Pro tip: Route alerts to a dedicated Slack channel or email alias. Don’t spam everyone’s main inbox.


Step 7: Review and Act on the Data (Not Just Collect It)

Here’s where most folks drop the ball: they set up tracking and then… never look at it.

7.1 Build a Simple Review Habit

  • Check your key funnels and events once or twice a week.
  • Look for patterns: Are certain companies or industries showing up more? Where do people drop off?
  • Share findings with sales or marketing—real stories, not just numbers.

7.2 Don’t Chase Ghosts

You’ll see weird stuff in the data—random spikes, companies you’ll never sell to, or traffic from bots. Don’t waste time chasing every outlier.

  • Focus on repeat patterns.
  • Ignore the noise. Most “signals” are false positives.

Step 8: Iterate—Don’t Set and Forget

Buyer intent changes. What worked last quarter might not work now.
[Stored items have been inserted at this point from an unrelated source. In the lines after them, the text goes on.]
(* Let $f_\bullet\colon X\hookrightarrow Z$ be an injective map of sets between finite metric spaces (not necessarily non-expansive), $V=\mathrm{PH}_0(X)$, $U=\mathrm{PH}_0(Z)$, and $f_0\colon V_0\to U_0$ the induced linear map. Then $\mathcal{M}^0_f$ induces an injection $\sigma^f\colon\mathrm{Rep}\,\mathcal{B}(V)\hookrightarrow\mathrm{Rep}\,\mathcal{B}(U)$; that is, $\sum_b\mathcal{M}^0_f(a,b)=m^V(a)$ for every $a\in S^V$ and $\sum_a \mathcal{M}^0_f(a,b)\le m^U(b)$ for every $b\in S^U$, so that there is an injection matching exactly $\mathcal{M}^0_f(a,b)$ copies of $[0,a)$ to copies of $[0,b)$ for all $a,b$.
   Context: All vector spaces are over $\mathbb{Z}_2$. For a finite metric space $X$, $\mathrm{VR}_r(X)$ is the graph on $X$ with edges $[x,y]$ for $d^X(x,y)\le r$, and $\mathrm{PH}_0(X)$ is the persistence module $r\mapsto H_0(\mathrm{VR}_r(X))$ (free on connected components) with structure maps $\rho_{rs}$ induced by inclusion; $V_0$ has basis $X$ and $f_0$ sends $x$ to $f_\bullet(x)$. The barcode $\mathcal{B}(V)=(S^V,m^V)$ is the multiset of finite death values $b$ of bars $[0,b)$ (infinite bar excluded). $\mathrm{Rep}(S,m)=\{(s,\ell):s\in S, 1\le\ell\le m(s)\}$. With $\ker^+_b(U)=\ker(\rho^U_{0b})$ and $\ker^-_b(U)=\bigcup_{0\le r<b}\ker(\rho^U_{0r})$, $\mathcal{M}^0_f(a,b)=\dim\frac{f_0(\ker^+_a V)\cap \ker^+_b U}{f_0(\ker^-_a V)\cap\ker^+_b U+f_0(\ker^+_a V)\cap \ker^-_b U}$ for $a,b>0$. *)

From HB Require Import structures.
From mathcomp Require Import all_boot all_order all_algebra.
From mathcomp Require Import boolp classical_sets fsbigop reals.
Set Implicit Arguments. Unset Strict Implicit. Unset Printing Implicit Defensive.
Import Order.TTheory GRing.Theory Num.Theory.
Local Open Scope ring_scope.

(* A finite metric space on the point set 'I_n (every finite set is in
   bijection with some 'I_n), with real-valued metric d. *)
Definition is_metric (R : realType) (n : nat) (d : 'I_n -> 'I_n -> R) : Prop :=
  [/\ forall x y, 0 <= d x y,
      forall x y, (d x y = 0) <-> (x = y),
      forall x y, d x y = d y x &
      forall x y z, d x z <= d x y + d y z].

Definition vr_edge (R : realType) n (d : 'I_n -> 'I_n -> R) (r : R) : rel 'I_n :=
  fun x y => d x y <= r.

Definition vr_conn (R : realType) n (d : 'I_n -> 'I_n -> R) (r : R) : rel 'I_n :=
  connect (vr_edge d r).

(* Structure map rho_{0r} : H_0(VR_0) = Z_2^n -> H_0(VR_r), acting on row
   vectors.  The basis vector of x is sent to (the indicator of) the connected
   component of x in VR_r; this identifies the free Z_2-space on components
   with the functions on points that are constant on components (an injective
   encoding, so kernels are those of the genuine structure map). *)
Definition rho0 (R : realType) n (d : 'I_n -> 'I_n -> R) (r : R) : 'M['F_2]_n :=
  \matrix_(i, j) (vr_conn d r i j)%:R.

Definition kerP (R : realType) n (d : 'I_n -> 'I_n -> R) (b : R) : 'M['F_2]_n :=
  kermx (rho0 d b).

(* ker^-_b = union over 0 <= r < b of ker rho_{0r}.  The union of this nested
   family is a subspace; we represent it by the row space spanned by all vectors
   in the union (which is the union itself). *)
Definition kerM (R : realType) n (d : 'I_n -> 'I_n -> R) (b : R) : 'M['F_2]_n :=
  (\sum_(v : 'rV['F_2]_n |
        `[< exists r : R, (0 <= r < b)%R /\ (v <= kermx (rho0 d r))%MS >]) <<v>>)%MS.

Definition f0 n m (f : 'I_n -> 'I_m) : 'M['F_2]_(n, m) :=
  \matrix_(i, j) (f i == j)%:R.
Lemma mean_const (c : R) : \sum_e dist h e * c = c.
Proof. by have [_ _ d_sum _ _] := adv.2 h uh hk; rewrite -mulr_suml d_sum mul1r. Qed.

Lemma bigw_le_remaining : bigw h <= totw (wt h) (remaining h).
Proof.
rewrite /bigw /totw [X in X <= _]big_mkcond [X in _ <= X]big_mkcond /=.
apply: ler_sum => x _; rewrite !inE; case: (boolP (x \in h)) => //= xh.
by case: ifP => // _; rewrite wt_ge0 // ltnW.
Qed.

Lemma dist_mass_le (A : {set 'I_k}) : A \subset remaining h ->
  0 < totw (wt h) (remaining h) ->
  \sum_(e in A) dist h e <= (1 + eps) * (totw (wt h) A / totw (wt h) (remaining h)).
Proof.
move=> /fintype.subsetP sA W_gt0; have [_ _ _ d_close _] := adv.2 h uh hk.
rewrite /totw mulr_suml mulr_sumr; apply: ler_sum => e eA.
by have /(d_close W_gt0)[] : e \notin h by have := sA e eA; rewrite inE.
Qed.

Lemma dist_mass_ge (A : {set 'I_k}) : A \subset remaining h ->
  0 < totw (wt h) (remaining h) ->
  (1 - eps) * (totw (wt h) A / totw (wt h) (remaining h)) <= \sum_(e in A) dist h e.
Proof.
move=> /fintype.subsetP sA W_gt0; have [_ _ _ d_close _] := adv.2 h uh hk.
rewrite /totw mulr_suml mulr_sumr; apply: ler_sum => e eA.
by have /(d_close W_gt0)[] : e \notin h by have := sA e eA; rewrite inE.
Qed.

Lemma mean_step_factorE (a : bool) :
  \sum_e dist h e * step_factor ((e \in small h) && a) (e \in big h) =
  1 + a%:R * (\sum_(e in small h) dist h e) / 9 - (\sum_(e in big h) dist h e) / 2.
Proof.
have [_ _ d_sum _ _] := adv.2 h uh hk.
have mass_in (A : {set 'I_k}) : \sum_e dist h e * (e \in A)%:R = \sum_(e in A) dist h e.
  by rewrite [RHS]big_mkcond; apply: eq_bigr => e _; case: (e \in A); rewrite ?mulr1 ?mulr0.
transitivity (\sum_e (dist h e + a%:R * (dist h e * (e \in small h)%:R) / 9
                      - dist h e * (e \in big h)%:R / 2)).
  by apply: eq_bigr => e _; rewrite /step_factor; case: a; case: (e \in small h) => /=; ring.
by rewrite sumrB big_split /= d_sum -!mulr_suml -mulr_sumr !mass_in.
Qed.

End Round.

Lemma prob_from_le_pot (A : seq 'I_k -> bool) (P : seq 'I_k -> R) :
  (forall h, uniq h -> size h = k -> (A h)%:R <= P h) ->
  (forall h, uniq h -> (size h < k)%N -> \sum_e dist h e * P (rcons h e) <= P h) ->
  forall n h, uniq h -> (size h + n)%N = k -> prob_from dist A n h <= P h.
Proof.
move=> P_full P_super; elim=> [|n IH] h uh hn /=.
  by apply: P_full; rewrite // -[size h]addn0.
have hk : (size h < k)%N by move: hn; lia.
apply: le_trans (P_super h uh hk); apply: mean_le => // e eh.
by rewrite IH ?rcons_uniq ?eh // size_rcons addSnnS.
Qed.

Definition card_Sset h j := #|Sset wt h j|.

(* hit_time h m is i_m along h, and (size h).+1 if |S_i| never equals m. *)
Definition hit_time h m := first_hit (card_Sset h) (size h) m.

Lemma wB_bigw h j : wB wt h j = bigw (take j h).
Proof. by []. Qed.

Lemma card_Sset_slow h : uniq h -> (size h <= k)%N ->
  forall j, (j < size h)%N -> (card_Sset h j <= card_Sset h j.+1 + 1)%N.
Proof.
case: h => [|x0 t] // uh hk j jh.
rewrite /card_Sset /Sset (take_nth x0 jh).
apply: leq_trans (@card_small_rcons _ (nth x0 (x0 :: t) j) _ _) _.
- by rewrite -take_nth // take_uniq.
- by rewrite size_take jh (leq_trans jh).
- by rewrite leq_add2l leq_b1.
Qed.

Lemma card_Sset_rcons h e j : (j <= size h)%N ->
  card_Sset (rcons h e) j = card_Sset h j.
Proof. by move=> jh; rewrite /card_Sset /Sset takel_rcons. Qed.

Lemma hit_time_rcons h e m : hit_time (rcons h e) m =
  if (hit_time h m <= size h)%N then hit_time h m
  else ((size h).+1 + (#|small (rcons h e)| != m))%N.
Proof.
rewrite /hit_time size_rcons first_hitS (@eq_first_hit _ (card_Sset h)).
  by rewrite /card_Sset -(size_rcons h e) /Sset take_size.
exact: card_Sset_rcons.
Qed.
  • Revisit your tracked events every month or so.
  • Drop what’s not useful; add new signals as your business evolves.
  • Ask your sales team what’s changed—what pages or actions actually matter now?

What to Ignore (Honestly)

There’s a lot of hype around intent data. Here’s what you can skip:

  • Heatmaps: Fun to look at, but rarely show true intent.
  • Session replays: You’ll waste hours watching people wiggle their mouse.
  • Low-intent content (blog, careers, resources): Track them if you want, but they won’t predict buying.
  • Third-party “intent” scores: Unless you have a data science team, these are usually guesses dressed up as numbers.

Stick to clear, obvious signals tied to your sales process. The rest is noise.


Keep It Simple and Iterate

Tracking buyer intent isn’t magic, and you don’t need a PhD (or a stack of buzzword-laden tools) to get useful insights. With Getrafiki, focus on the handful of actions that actually predict sales, review your data regularly, and adjust as you learn.

Don’t aim for perfect. Start simple, watch what works, and double down on what actually helps your team. Ignore the rest. That’s how you get from data to action—without drowning in dashboards.